Therefore, technically the identification of the required number of cells is done via a generalized linear regression model (binomial family, cloglog link function). The clonogenic activity is \(p = e^{\alpha}\).

In the presented model, \(p\) is independent from \(s\). So implicitly, it is assumed, that 100 single cells in single wells have the identical chance to result in at least one colony as a single well with those 100 cells would have.

But this is often not the case. Cells export or release substances into the medium and thereby communicate and cooperate.

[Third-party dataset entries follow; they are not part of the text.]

(* Let $\lambda_0\in(0,1/2)$ and let $\nu$ be uniformly distributed on $[0,\pi]$, $n_1=\cos\nu$, $n_2=\sin\nu$. Then $$E\left[|n_1|\,n_2^2\arctan\left(\frac{4\lambda_0|n_1|}{4\lambda_0^2-1}\right)\right]=-\frac{\lambda_0}2-\frac23\lambda_0^3.$$
   Context: $\arctan$ denotes the principal branch with values in $(-\pi/2,\pi/2)$. *)

From Stdlib Require Import Reals.
From Coquelicot Require Import Coquelicot.
Open Scope R_scope.

Definition uniform_expect (a b : R) (f : R -> R) : R :=
  / (b - a) * RInt f a b.

From Stdlib Require Import Reals Lra Psatz.
From Coquelicot Require Import Coquelicot.
Open Scope R_scope.

(* Since atan is odd, the integrand equals cos x sin^2 x atan (k cos x) with
   k = 4 l / (4 l^2 - 1).  Integrating by parts against (sin^3 / 3)' turns
   the integral over [0, PI] into (k/3) times the integral of
   sin^4 x / (1 + k^2 cos^2 x), which splits into cos^2 x, a constant and
   1 / (1 + k^2 cos^2 x); the last one integrates to PI / sqrt (1 + k^2),
   a primitive being the continuous argument of the ellipse point
   (sqrt (1 + k^2) cos x, sin x).  For our k, sqrt (1 + k^2) is rational in l
   and everything collapses to -l/2 - 2 l^3 / 3. *)

Lemma Rabs_mul_atan_Rabs (a c : R) : Rabs c * atan (a * Rabs c) = c * atan (a * c).
Proof.
  destruct (Rle_or_lt 0 c) as [hc | hc].
  - now rewrite Rabs_right by lra.
  - rewrite Rabs_left by lra.
    replace (a * - c) with (- (a * c)) by ring.
    rewrite atan_opp; ring.
Qed.

Lemma is_RInt_primitive (F f : R -> R) (a b : R) :
  (forall x, is_derive F x (f x)) -> (forall x, continuous f x) ->
  is_RInt f a b (F b - F a).
Proof.
  intros hF hf.
  exact (is_RInt_derive F f a b (fun x _ => hF x) (fun x _ => hf x)).
Qed.

Lemma sin_pow2 (x : R) : sin x ^ 2 = 1 - cos x ^ 2.
Proof. rewrite <- !Rsqr_pow2; apply sin2. Qed.

(* The continuous determination of the argument of (s cos x, sin x): the
   correction term is atan of tan (x - arg), and it vanishes where sin x = 0. *)
Definition arg_ellipse (s x : R) : R :=
  x - atan ((s - 1) * sin x * cos x / (s * cos x ^ 2 + sin x ^ 2)).

Lemma arg_ellipse_sin0 (s x : R) : sin x = 0 -> arg_ellipse s x = x.
Proof.
  intros hx; unfold arg_ellipse; rewrite hx.
  replace ((s - 1) * 0 * cos x / (s * cos x ^ 2 + 0 ^ 2)) with 0
    by (unfold Rdiv; ring).
  rewrite atan_0; ring.
Qed.

Lemma is_derive_arg_ellipse (s x : R) : 0 < s ->
  is_derive (arg_ellipse s) x (s / (s ^ 2 * cos x ^ 2 + sin x ^ 2)).
Proof.
  intros hs; unfold arg_ellipse.
  pose proof (sin_pow2 x) as hsin.
  pose proof (pow2_ge_0 (cos x)) as hc.
  assert (hden : 0 < s * cos x ^ 2 + sin x ^ 2).
  { destruct (Req_dec (cos x) 0) as [e | e].
    - rewrite e in hsin |- *; nra.
    - pose proof (pow2_gt_0 _ e); nra. }
  auto_derive; [lra |].
  set (S := sin x) in *; set (C := cos x) in *.
  field_simplify; try nra.
  replace (S ^ 4) with ((S ^ 2) ^ 2) by ring; rewrite hsin.
  field; nra.
Qed.

Lemma is_RInt_cos2 : is_RInt (fun x => cos x ^ 2) 0 PI (PI / 2).
Proof.
  replace (PI / 2) with ((PI / 2 + sin PI * cos PI / 2) - (0 / 2 + sin 0 * cos 0 / 2))
    by (rewrite sin_PI, sin_0; field).
  apply (is_RInt_primitive (fun x => x / 2 + sin x * cos x / 2)).
  - intros x; auto_derive; auto.
    pose proof (sin_pow2 x); nra.
  - intros x; apply (@ex_derive_continuous R_AbsRing R_NormedModule); auto_derive; auto.
Qed.

Lemma is_RInt_inv_1_plus_cos2 (k : R) :
  is_RInt (fun x => / (1 + k ^ 2 * cos x ^ 2)) 0 PI (PI / sqrt (1 + k ^ 2)).
Proof.
  set (s := sqrt (1 + k ^ 2)).
  pose proof (pow2_ge_0 k) as hk.
  assert (hs : 0 < s) by (apply sqrt_lt_R0; lra).
  assert (hs2 : s ^ 2 = 1 + k ^ 2) by (apply pow2_sqrt; lra).
  replace (PI / s) with (/ s * arg_ellipse s PI - / s * arg_ellipse s 0)
    by (rewrite !arg_ellipse_sin0 by (apply sin_PI || apply sin_0); field; lra).
  apply (is_RInt_primitive (fun x => / s * arg_ellipse s x)).
  - intros x.
    pose proof (pow2_ge_0 (cos x)).
    replace (/ (1 + k ^ 2 * cos x ^ 2))
      with (/ s * (s / (s ^ 2 * cos x ^ 2 + sin x ^ 2))).
    + apply is_derive_scal, is_derive_arg_ellipse, hs.
    + rewrite hs2, (sin_pow2 x); field; nra.
  - intros x; apply (@ex_derive_continuous R_AbsRing R_NormedModule).
    pose proof (pow2_ge_0 (cos x)).
    auto_derive; nra.
Qed.

Lemma RInt_cos_sin2_atan_by_parts (k : R) :
  RInt (fun x => cos x * sin x ^ 2 * atan (k * cos x)) 0 PI
  = k / 3 * RInt (fun x => sin x ^ 4 / (1 + k ^ 2 * cos x ^ 2)) 0 PI :> R.
Proof.
  set (f := fun x => cos x * sin x ^ 2 * atan (k * cos x)).
  set (g := fun x => sin x ^ 4 / (1 + k ^ 2 * cos x ^ 2)).
  assert (hg_cont : forall x, continuous g x).
  { intros x; apply (@ex_derive_continuous R_AbsRing R_NormedModule).
    pose proof (pow2_ge_0 (cos x)); pose proof (pow2_ge_0 k).
    unfold g; auto_derive; nra. }
  assert (hg : is_RInt g 0 PI (RInt g 0 PI))
    by (apply (RInt_correct (V := R_CompleteNormedModule)), ex_RInt_continuous; auto).
  assert (hfg : is_RInt (fun x => f x - k / 3 * g x) 0 PI
                 (sin PI ^ 3 / 3 * atan (k * cos PI) - sin 0 ^ 3 / 3 * atan (k * cos 0))).
  { apply (is_RInt_primitive (fun x => sin x ^ 3 / 3 * atan (k * cos x))).
    - intros x; unfold f, g; auto_derive; [auto |].
      pose proof (pow2_ge_0 (cos x)); pose proof (pow2_ge_0 k).
      field; nra.
    - intros x; apply (@ex_derive_continuous R_AbsRing R_NormedModule).
      pose proof (pow2_ge_0 (cos x)); pose proof (pow2_ge_0 k).
      unfold f, g; auto_derive; nra. }
  rewrite sin_PI, sin_0 in hfg.
  pose proof (is_RInt_plus _ _ _ _ _ _ hfg (is_RInt_scal _ _ _ (k / 3) _ hg)) as hf.
  apply (is_RInt_ext _ f) in hf.
  - rewrite (is_RInt_unique _ _ _ _ hf); cbn; field.
  - intros x _; cbn; ring.
Qed.

Lemma is_RInt_sin4_div_1_plus_cos2 (k : R) : k <> 0 ->
  is_RInt (fun x => sin x ^ 4 / (1 + k ^ 2 * cos x ^ 2)) 0 PI
    (PI / (2 * k ^ 2) - (2 * k ^ 2 + 1) * PI / k ^ 4
     + (1 + k ^ 2) ^ 2 / k ^ 4 * (PI / sqrt (1 + k ^ 2))).
Proof.
  intros hk.
  pose proof (pow2_gt_0 k hk) as hk2.
  pose proof (is_RInt_plus _ _ _ _ _ _
    (is_RInt_minus _ _ _ _ _ _
       (is_RInt_scal _ _ _ (/ k ^ 2) _ is_RInt_cos2)
       (is_RInt_const 0 PI ((2 * k ^ 2 + 1) / k ^ 4)))
    (is_RInt_scal _ _ _ ((1 + k ^ 2) ^ 2 / k ^ 4) _ (is_RInt_inv_1_plus_cos2 k))) as h.
  eapply is_RInt_ext in h.
  - cbn -[pow] in h; unfold minus, plus, opp in h; cbn -[pow] in h.
    replace (PI / (2 * k ^ 2) - (2 * k ^ 2 + 1) * PI / k ^ 4) with
      (/ k ^ 2 * (PI / 2) + - ((PI - 0) * ((2 * k ^ 2 + 1) / k ^ 4))) by (field; lra).
    exact h.
  - (* polynomial division of (1 - c^2)^2 by 1 + k^2 c^2 *)
    intros x _; cbn -[pow]; unfold minus, plus, opp; cbn -[pow].
    pose proof (pow2_ge_0 (cos x)).
    replace (sin x ^ 4) with ((sin x ^ 2) ^ 2) by ring; rewrite sin_pow2.
    field; nra.
Qed.

Lemma RInt_cos_sin2_atan (k : R) : k <> 0 ->
  RInt (fun x => cos x * sin x ^ 2 * atan (k * cos x)) 0 PI
  = k * PI / 3 * (/ (2 * k ^ 2) + (sqrt (1 + k ^ 2) ^ 3 - 2 * k ^ 2 - 1) / k ^ 4) :> R.
Proof.
  intros hk.
  rewrite RInt_cos_sin2_atan_by_parts,
    (is_RInt_unique _ _ _ _ (is_RInt_sin4_div_1_plus_cos2 k hk)).
  pose proof (pow2_gt_0 k hk).
  assert (hs : 0 < sqrt (1 + k ^ 2)) by (apply sqrt_lt_R0; lra).
  replace ((1 + k ^ 2) ^ 2) with (sqrt (1 + k ^ 2) ^ 2 * sqrt (1 + k ^ 2) ^ 2)
    by (rewrite pow2_sqrt by lra; ring).
  field; lra.
Qed.

Theorem lemma9 (lambda0 : R) (h0 : 0 < lambda0) (h1 : lambda0 < 1/2) :
  uniform_expect 0 PI
    (fun nu => Rabs (cos nu) * (sin nu) ^ 2 *
       atan (4 * lambda0 * Rabs (cos nu) / (4 * lambda0 ^ 2 - 1)))
  = - lambda0 / 2 - 2 / 3 * lambda0 ^ 3.
Proof.
  set (l := lambda0) in *.
  set (k := 4 * l / (4 * l ^ 2 - 1)).
  assert (hk : k <> 0)
    by (apply Rmult_integral_contrapositive_currified; [lra | apply Rinv_neq_0_compat; nra]).
  assert (hs : sqrt (1 + k ^ 2) = (1 + 4 * l ^ 2) / (1 - 4 * l ^ 2)).
  { replace (1 + k ^ 2) with (((1 + 4 * l ^ 2) / (1 - 4 * l ^ 2)) ^ 2)
      by (unfold k; field; nra).
    apply sqrt_pow2, Rlt_le, Rdiv_lt_0_compat; nra. }
  unfold uniform_expect.
  rewrite (RInt_ext _ (fun x => cos x * sin x ^ 2 * atan (k * cos x))).
  - rewrite RInt_cos_sin2_atan, hs by exact hk.
    pose proof PI_RGT_0; unfold k; field; repeat split; nra.
  - intros x _.
    replace (4 * l * Rabs (cos x) / (4 * l ^ 2 - 1)) with (k * Rabs (cos x))
      by (unfold k, Rdiv; ring).
    rewrite (Rmult_comm (Rabs (cos x))), (Rmult_comm (cos x)), !Rmult_assoc.
    now rewrite Rabs_mul_atan_Rabs.
Qed.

The combined chance of a group of cells to grow into a clone often exceeds the sum of the individual chances. (See CFAcoop, for a number of cells seeded \(S\) and a number of resulting colonies \(C\) we find \(C = a \cdot S^b\).)

Thus, allowing for the same communication and cooperativity, we replace \(\lambda = p \cdot s\) with \(\lambda = p \cdot s^b\) analogue to CFA. The modification reads in both cases as ‘a number of \(s\) cells shows the same activity as if they were \(s^b\) single cells’.

With this generalization we find

\[\begin{align*} P_{\lambda}(k=0) &= e^{-\lambda}\\ \Leftrightarrow 1-\mu &= e^{- p s^b}\\ \Leftrightarrow log(1-\mu) &= - p s^b \\ \Leftrightarrow log(-log(1-\mu)) &= \alpha + \xi \cdot b. \end{align*}\]

Interestingly, this equation is the same as in the special case of non-cooperativity, just without the restriction of \(b=1\), which corresponds to the non-cooperative case. The degree of cooperativity is quantified by the coefficient \(b\).

When the probability of a cell to grow into a colony is not independent from the number of surrounding cells, the earlier definition of clonogenic activity (the chance of an isolated single cell) is pointless. Thus, the approach to deal with cooperatively growing cells, requires a generalized definition for clonogenic activity.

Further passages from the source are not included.